Henrik Nordstrom wrote:
> On Wed, 31 Mar 2004, Greg Swallow wrote:
>
>
>>Assuming documentation at
>>http://www.bowiesnyder.com/writings/caching_shtml.htm is true, my
>>squid-based reverse proxies shouldn't be caching HTML documents that are
>>server parsed.
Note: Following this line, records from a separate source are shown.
Lemma piece_regular_map (A : G -> Prop) (ball : list G) :
  (forall h, d (gone G) h <= D + 1 -> In h ball) ->
  (forall y, A y ->
     chained (fun z => dQ (pi x0) (pi z) <= D) (fun a b => d a b <= rho) x0 y) ->
  exists f : {y : G | A y} -> {p : P | gen P W p},
    (forall y y', d (i (proj1_sig (f y))) (i (proj1_sig (f y'))) <=
                  (2 * D + 3) * d (proj1_sig y) (proj1_sig y')) /\
    (forall t l, NoDup l -> (forall y, In y l -> f y = t) -> (length l <= length ball)%nat).
Proof.
  intros Hball HA.
  assert (Hcoord : forall y : {y : G | A y}, exists c : G * P,
    d (gone G) (fst c) <= D + 1 /\
    i (snd c) = gmul G (gmul G (ginv G x0) (proj1_sig y)) (ginv G (fst c))).
  { intros [y Hy]. destruct (short_coordinate (chained_okr (HA y Hy))) as [h [p Hhp]].
    now exists (h, p). }
  destruct (choice _ Hcoord) as [c Hc].
  assert (Hgen : forall y, gen P W (snd (c y))).
  { intros y. destruct (Hc y) as [Hh Ep].
    exact (chained_coord_generated (HA _ (proj2_sig y)) Hh Ep). }
  exists (fun y => exist _ (snd (c y)) (Hgen y)); simpl. split.
  - intros y y'. destruct (classic (y = y')) as [<-|Hne].
    + destruct Hd as [_ [Hd0 _]]. rewrite !(proj2 (Hd0 _ _) eq_refl). lra.
    + destruct (Hc y) as [Hh ->], (Hc y') as [Hh' ->].
      apply coordinate_dist; [|assumption..].
      intro E. now apply Hne, proj1_sig_inj.
  - intros t l Hl Ht.
    apply (NoDup_inj_incl_length (f := fun y => fst (c y)) (L := ball) Hl).
    + intros y y' Hy Hy' E.
      assert (Ei : i (snd (c y)) = i (snd (c y'))) by exact
        (f_equal (fun q => i (proj1_sig q)) (eq_trans (Ht y Hy) (eq_sym (Ht y' Hy')))).
      rewrite (proj2 (Hc y)), (proj2 (Hc y')), E in Ei.
      apply gmul_cancel_r, gmul_cancel_l in Ei. now apply proj1_sig_inj.
    + intros y _. apply Hball, (Hc y).
Qed.

End Coordinates.

Section NeighbourhoodFamilies.
Variable M : MFamily -> Prop.
Hypotheses (HMstab : stable_under_regular_maps M)
  (HP : forall S : list P, belongs_to M (fg_subgroup_space i d S)).

Lemma N_family_in_M (J : Type) (Z : J -> G -> Prop) (B rho : R) (m s : nat) :
  0 <= B -> 0 <= rho -> INR s <= rho -> (forall j, exists x, Z j x) ->
  (forall j, chained_within B rho (Z j)) -> M (N_family d Z m s).
Proof.
  intros HB Hrho Hs Hne HZ.
  set (D := B + INR m * (INR s + B)).
  assert (HD : 0 <= D) by (unfold D; pose proof (pos_INR m); pose proof (pos_INR s); nra).
  destruct (Hproper (gone G) (2 * (D + 1) + rho)) as [L HL].
  destruct (list_preimage_inj Hiinj L) as [W HW].
  destruct (Hproper (gone G) (D + 1)) as [ball Hball].
  apply (HMstab (F := single_family (fg_subgroup_space i d W))).
  - apply HP.
  - apply subspace_family_is_metric_family; assumption.
  - exists (2 * D + 3), (length ball). intro j. exists tt.
    destruct (Hne j) as [x0 Hx0].
    apply (piece_regular_map (x0 := x0) HD Hrho (fun p Hp => HW p (HL _ Hp)) Hball).
    intros y Hy. exact (Nks_chained HB (pos_INR s) Hs HZ Hx0 Hy).
Qed.

End NeighbourhoodFamilies.

Section Components.
Variables (JQ : Type) (U : JQ -> Q -> Prop) (r : R).

Definition component (j : JQ) (x0 : G) : G -> Prop :=
  chained (fun z => U j (pi z)) (fun a b => d a b < r) x0.

(* Indexing components by their underlying set, not by a base point, makes
   distinct indices give distinct pieces, as the separation condition requires. *)
Definition component_index : Type :=
  {jA : JQ * (G -> Prop) | exists x0, U (fst jA) (pi x0) /\ snd jA = component (fst jA) x0}.

Definition component_piece (c : component_index) : G -> Prop := snd (proj1_sig c).

Definition component_colour (cQ : JQ -> nat) (c : component_index) : nat :=
  cQ (fst (proj1_sig c)).

Lemma component_decomposition (dd : nat) (cQ : JQ -> nat) :
  r_decomposition dQ r dd U cQ ->
  r_decomposition d r dd component_piece (component_colour cQ).
Proof.
  intros [Hc [Hcov Hsep]]. split; [|split].
  - intros c. apply Hc.
  - intros x. destruct (Hcov (pi x)) as [j Hj].
    exists (exist _ (j, component j x) (ex_intro _ x (conj Hj eq_refl))).
    now apply chained_refl.
  - intros [[j A] [x0 [Hx0 EA]]] [[j' A'] [x1 [Hx1 EA']]] Hne Hcol x y Hx Hy.
    unfold component_piece, component_colour, component in *; simpl in *. subst A A'.
    destruct (classic (j = j')) as [<-|Hjj'].
    + apply Rnot_lt_le; intro Hxy. apply Hne, proj1_sig_inj; simpl. f_equal.
      rewrite (chained_class Hx), (chained_class Hy).
      apply chained_class, (chained_snoc (chained_refl _ (chained_okr Hx)));
        [exact (chained_okr Hy) | exact Hxy].
    + eapply Rle_trans; [| apply (quotient_metric_le HdQ)].
      exact (Hsep j j' Hjj' Hcol _ _ (chained_okr Hx) (chained_okr Hy)).
Qed.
However, it appears that the four reverse proxies I have
>>sitting in front of my webservers are?
>
>
> How the page was generated on the server does not matter that much other
> than that server generated pages usually does not have caching
> information, what matters is the HTTP headers of the response and to some
> extent your refresh_pattern settings in squid.conf.
>
> Some good references to understand these concepts better:
>
> Caching Tutorial for Web Authors and Webmasters
> <url:http://www.mnot.net/cache_docs/>
>
> Cacheability Engine
> <url:http://www.mnot.net/cacheability/>

Wow, those are kick-ass docs. I'll have to bookmark them.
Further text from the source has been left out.